**Directions for this task:** Beginning with the line below that contains "[seq [set xy.1;" and ending with the line that contains "forall p : seq", copy every line exactly. Copy nothing else.

Saved entries:
Definition path_edges (p : seq 'I_n) : seq {set 'I_n} :=
  [seq [set xy.1; xy.2] | xy <- zip p (behead p)].

Definition is_SHP (p : seq 'I_n) : bool :=
  [&& uniq p, size p == n &
      all (fun e => all (fun f => ~~ cross e f) (path_edges p)) (path_edges p)].

Definition meets_all_SHP (B : {set {set 'I_n}}) : Prop :=
  forall p : seq 'I_n, is_SHP p -> has (fun e => e \in B) (path_edges p).

Definition is_blocker (B : {set {set 'I_n}}) : Prop :=
  [/\ forall e, e \in B -> is_edge e,
      meets_all_SHP B &
      forall B' : {set {set 'I_n}}, (forall e, e \in B' -> is_edge e) ->
        meets_all_SHP B' -> #|B| <= #|B'|].

Definition direction (e : {set 'I_n}) : nat := (\sum_(x in e) (x : nat)) %% n.

Definition bd (i : nat) : {set 'I_n} :=
  [set x : 'I_n | (x == i %% n :> nat) || (x == i.+1 %% n :> nat)].

End CK.

From mathcomp Require Import all_boot zify.
Set Implicit Arguments. Unset Strict Implicit. Unset Printing Implicit Defensive.

(* Suppose [a, a+1] and [b, b+1] are both missing from B, with
   alpha < a < b < beta := m - delta - 1; we build a simple Hamiltonian path
   avoiding B.  Unroll the circle to the integers: a path that grows an
   interval of consecutive integers one endpoint at a time never crosses
   itself.  Ours starts at beta + 1 and fills the window alpha + 1, ...,
   alpha + n.  It alternates runs to the right, along boundary edges beyond
   beta (none of which is in B), with a jump from the right end R to the left
   end x, a walk down [b, b+1] or [a, a+1] when these come next, and a jump
   back to the right.
   Call an edge of B outer if it is parallel to some [i, i+1] with i < alpha
   or i > beta: there are at most alpha + (m - 1 - beta) of them, and each has
   at most one endpoint in (alpha, beta].  As x + R stays in a narrow band, the
   jumps have directions between those of [beta, beta+1] and [alpha, alpha+1]
   (through 0), where B has no edge but these two; so a jump lying in B is
   outer and ends at the current left point.  Choosing the run length among
   2c + 1 values, c the number of outer edges at the left points of the two
   jumps, lets both jumps avoid B, and charging the run to these edges keeps
   the right end below alpha + n.  The count closes exactly because the two
   missing edges let the left end advance twice for free. *)

Definition cross_nat (e f : nat * nat) : bool :=
  let a := minn e.1 e.2 in let b := maxn e.1 e.2 in
  let c := minn f.1 f.2 in let d := maxn f.1 f.2 in
  ((a < c) && (c < b) && (b < d)) || ((c < a) && (a < d) && (d < b)).

Lemma cross_nat_sym e f : cross_nat e f = cross_nat f e.
Proof. rewrite /cross_nat; lia. Qed.

Lemma cross_nat_irr e : ~~ cross_nat e e.
Proof. rewrite /cross_nat; lia. Qed.

Lemma cross_nat_swapl u w f : cross_nat (u, w) f = cross_nat (w, u) f.
Proof. rewrite /cross_nat /=; lia. Qed.

Lemma cross_nat_swapr u w e : cross_nat e (u, w) = cross_nat e (w, u).
Proof. rewrite /cross_nat /=; lia. Qed.

Lemma cross_nat_extend l r u1 w1 u w :
  l <= u1 <= r -> l <= w1 <= r -> (u = l \/ u = r) ->
  ((0 < l /\ w = l.-1) \/ w = r.+1) ->
  ~~ cross_nat (u1, w1) (u, w) && ~~ cross_nat (u, w) (u1, w1).
Proof. rewrite /cross_nat /=; lia. Qed.

Lemma set2_inj (T : finType) (x y a b : T) :
  [set x; y] = [set a; b] -> a != b -> (x = a /\ y = b) \/ (x = b /\ y = a).
Proof.
move=> E nab.
have ha : a \in [set x; y] by rewrite E !inE eqxx.
have hb : b \in [set x; y] by rewrite E !inE eqxx orbT.
have hx : x \in [set a; b] by rewrite -E !inE eqxx.
have hy : y \in [set a; b] by rewrite -E !inE eqxx orbT.
move: ha hb hx hy; rewrite !inE.
case/orP=> /eqP ha; case/orP=> /eqP hb; case/orP=> /eqP hx; case/orP=> /eqP hy; subst;
  try by [left|right]; by rewrite eqxx in nab.
Qed.

Lemma set2_cancelr (T : finType) (p q1 q2 : T) :
  [set q1; p] = [set q2; p] -> q1 != p -> q1 = q2.
Proof.
move=> e hne; have : q1 \in [set q2; p] by rewrite -e !inE eqxx.
by rewrite !inE (negbTE hne) orbF => /eqP.
Qed.

Lemma modn_lt_double n u : u < n.*2 ->
  (u %% n = u /\ u < n) \/ (u %% n = u - n /\ n <= u).
Proof.
move=> h; case: (ltnP u n) => hu; first by left; rewrite modn_small.
right; split=> //.
have -> : u = 1 * n + (u - n) by rewrite mul1n subnKC.
by rewrite modnMDl modn_small; [rewrite mul1n addKn | lia].
Qed.

Lemma card2_set2 (T : finType) (E : {set T}) p q :
  #|E| = 2 -> p \in E -> q \in E -> p != q -> E = [set p; q].
Proof.
move=> hE hp hq hpq; apply/eqP; rewrite eq_sym eqEcard hE cards2 hpq andbT.
by apply/subsetP=> x; rewrite !inE => /orP[/eqP->|/eqP->].
Qed.

Section OrdMod.
Variable n : nat.
Hypothesis hn : 0 < n.

Definition ord_mod (v : nat) : 'I_n := Ordinal (ltn_pmod v hn).

Lemma ord_mod_ord (x : 'I_n) : ord_mod x = x.
Proof. by apply: val_inj; rewrite /= modn_small. Qed.

Lemma ord_mod_inj x y : ord_mod x = ord_mod y -> x <= y < x + n -> x = y.
Proof.
move=> /(congr1 val) /= /eqP exy /andP[hxy hyx].
move: exy; rewrite -(subnKC hxy) -{1}[x]addn0 eqn_modDl mod0n modn_small; last by lia.
by move/eqP; lia.
Qed.

Lemma ord_mod_inj_window c x y :
  c <= x < c + n -> c <= y < c + n -> ord_mod x = ord_mod y -> x = y.
Proof.
move=> hx hy; case: (leqP x y) => hxy exy; first by apply: ord_mod_inj => //; lia.
by apply/esym/ord_mod_inj => //; lia.
Qed.

Lemma ord_mod_window_neq c u v :
  c <= u < c + n -> c <= v < c + n -> u != v -> ord_mod u != ord_mod v.
Proof. by move=> hu hv; apply: contra => /eqP /(ord_mod_inj_window hu hv) ->. Qed.

Lemma ord_mod_addn_inj R u v :
  u < n -> v < n -> ord_mod (R + u) = ord_mod (R + v) -> u = v.
Proof.
move=> hu hv e; case: (leqP u v) => huv.
  by apply/(@addnI R)/ord_mod_inj => //; lia.
by apply/esym/(@addnI R)/ord_mod_inj => //; lia.
Qed.

Lemma bd_ord_mod u : bd n u = [set ord_mod u; ord_mod u.+1].
Proof. by apply/setP=> x; rewrite !inE -!val_eqE. Qed.

Lemma bd_addn u : bd n (u + n) = bd n u.
Proof. by apply/setP=> x; rewrite !inE -addSn !modnDr. Qed.

Lemma direction_set2 u w :
  u %% n != w %% n -> direction [set ord_mod u; ord_mod w] = (u + w) %% n.
Proof.
move=> h; rewrite /direction.
have hne : ord_mod u \notin [set ord_mod w] by rewrite inE -val_eqE.
by rewrite [[set _; _]]/(setU _ _) big_setU1 //= big_set1 modnDm.
Qed.

Lemma cross_nat_ord_mod c u1 w1 u2 w2 :
  c <= u1 < c + n -> c <= w1 < c + n -> c <= u2 < c + n -> c <= w2 < c + n ->
  c <= n -> ord_mod u1 < ord_mod u2 -> ord_mod u2 < ord_mod w1 ->
  ord_mod w1 < ord_mod w2 -> cross_nat (u1, w1) (u2, w2).
Proof.
move=> h1 h2 h3 h4 hc /=.
have m1 : u1 < n.*2 by lia.
have m2 : w1 < n.*2 by lia.
have m3 : u2 < n.*2 by lia.
have m4 : w2 < n.*2 by lia.
case: (modn_lt_double m1) => [[-> ?]|[-> ?]];
case: (modn_lt_double m2) => [[-> ?]|[-> ?]];
case: (modn_lt_double m3) => [[-> ?]|[-> ?]];
case: (modn_lt_double m4) => [[-> ?]|[-> ?]]; rewrite /cross_nat /=; lia.
Qed.

Lemma cross1_ord_mod c u1 w1 u2 w2 :
  c <= u1 < c + n -> c <= w1 < c + n -> c <= u2 < c + n -> c <= w2 < c + n ->
  c <= n -> ~~ cross_nat (u1, w1) (u2, w2) ->
  ~~ cross1 [set ord_mod u1; ord_mod w1] [set ord_mod u2; ord_mod w2].
Proof.
move=> h1 h2 h3 h4 hc hl.
apply/negP=> /existsP[a /existsP[b /existsP[c' /existsP[d /and5P[E1 E2 ac cb bd]]]]].
have nab : a != b by rewrite neq_ltn (ltn_trans ac cb).
have ncd : c' != d by rewrite neq_ltn (ltn_trans cb bd).
have := set2_inj (eqP E1) nab; have := set2_inj (eqP E2) ncd.
move=> [[e1 e2]|[e1 e2]] [[e3 e4]|[e3 e4]]; subst; move/negP: hl; apply.
- exact: (cross_nat_ord_mod (c := c)).
- by rewrite cross_nat_swapl; apply: (cross_nat_ord_mod (c := c)).
- by rewrite cross_nat_swapr; apply: (cross_nat_ord_mod (c := c)).
- by rewrite cross_nat_swapr cross_nat_swapl; apply: (cross_nat_ord_mod (c := c)).
Qed.

Lemma cross_ord_mod c u1 w1 u2 w2 :
  c <= u1 < c + n -> c <= w1 < c + n -> c <= u2 < c + n -> c <= w2 < c + n ->
  c <= n -> ~~ cross_nat (u1, w1) (u2, w2) ->
  ~~ cross [set ord_mod u1; ord_mod w1] [set ord_mod u2; ord_mod w2].
Proof.
move=> h1 h2 h3 h4 hc hl; rewrite /cross negb_or (cross1_ord_mod h1 h2 h3 h4 hc hl).
by apply: (cross1_ord_mod h3 h4 h1 h2 hc); rewrite cross_nat_sym.
Qed.

End OrdMod.

Lemma direction_bd n u : 1 < n -> direction (bd n u) = (2 * u + 1) %% n.
Proof.
move=> hn1; have hn : 0 < n by lia.
rewrite (bd_ord_mod hn) direction_set2; first by congr (_ %% _); lia.
by rewrite -[u.+1]addn1 -{1}[u]addn0 eqn_modDl mod0n modn_small.
Qed.

(* A zigzag walk grows an interval [L, R] of integers one endpoint at a time;
   its state (L, R, b) records the interval and whether the walk stands at R
   (b = true) or at L. *)
Definition zstate := (nat * nat * bool)%type.
Definition zcur (s : zstate) : nat := if s.2 then s.1.2 else s.1.1.
Definition znext (s : zstate) (mv : bool) : nat := if mv then s.1.2.+1 else s.1.1.-1.
Definition zstep (s : zstate) (mv : bool) : zstate :=
  if mv then (s.1.1, s.1.2.+1, true) else (s.1.1.-1, s.1.2, false).

Fixpoint zverts (s : zstate) (ms : seq bool) : seq nat :=
  if ms is mv :: ms' then znext s mv :: zverts (zstep s mv) ms' else [::].
Fixpoint zfinal (s : zstate) (ms : seq bool) : zstate :=
  if ms is mv :: ms' then zfinal (zstep s mv) ms' else s.
Fixpoint zedges (s : zstate) (ms : seq bool) : seq (nat * nat) :=
  if ms is mv :: ms' then (zcur s, znext s mv) :: zedges (zstep s mv) ms' else [::].
(* No left move from L = 0, where L.-1 would truncate. *)
Fixpoint zvalid (s : zstate) (ms : seq bool) : bool :=
  if ms is mv :: ms' then (mv || (0 < s.1.1)) && zvalid (zstep s mv) ms' else true.

Arguments zcur : simpl never.
Arguments znext : simpl never.
Arguments zstep : simpl never.

Lemma zcur_step s mv : zcur (zstep s mv) = znext s mv.
Proof. by case: mv; rewrite /zcur /znext /zstep. Qed.

Lemma zstep_cases s mv : mv || (0 < s.1.1) ->
  [/\ (zstep s mv).1.1 = s.1.1, (zstep s mv).1.2 = s.1.2.+1 & znext s mv = s.1.2.+1] \/
  [/\ (zstep s mv).1.1 = s.1.1.-1, (zstep s mv).1.2 = s.1.2,
      znext s mv = s.1.1.-1 & 0 < s.1.1].
Proof. by rewrite /zstep /znext; case: mv => /= h; [left|right]. Qed.

Lemma size_zverts s ms : size (zverts s ms) = size ms.
Proof. by elim: ms s => //= mv ms IH s; rewrite IH. Qed.

Lemma zfinal_cat s ms1 ms2 : zfinal s (ms1 ++ ms2) = zfinal (zfinal s ms1) ms2.
Proof. by elim: ms1 s => //= mv ms IH s; rewrite IH. Qed.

**Result:**
  [seq [set xy.1; xy.2] | xy <- zip p (behead p)].

Definition is_SHP (p : seq 'I_n) : bool :=
  [&& uniq p, size p == n &
      all (fun e => all (fun f => ~~ cross e f) (path_edges p)) (path_edges p)].

Definition meets_all_SHP (B : {set {set 'I_n}}) : Prop :=
  forall p : seq 'I_n, is_SHP p -> has (fun e => e \in B) (path_edges p).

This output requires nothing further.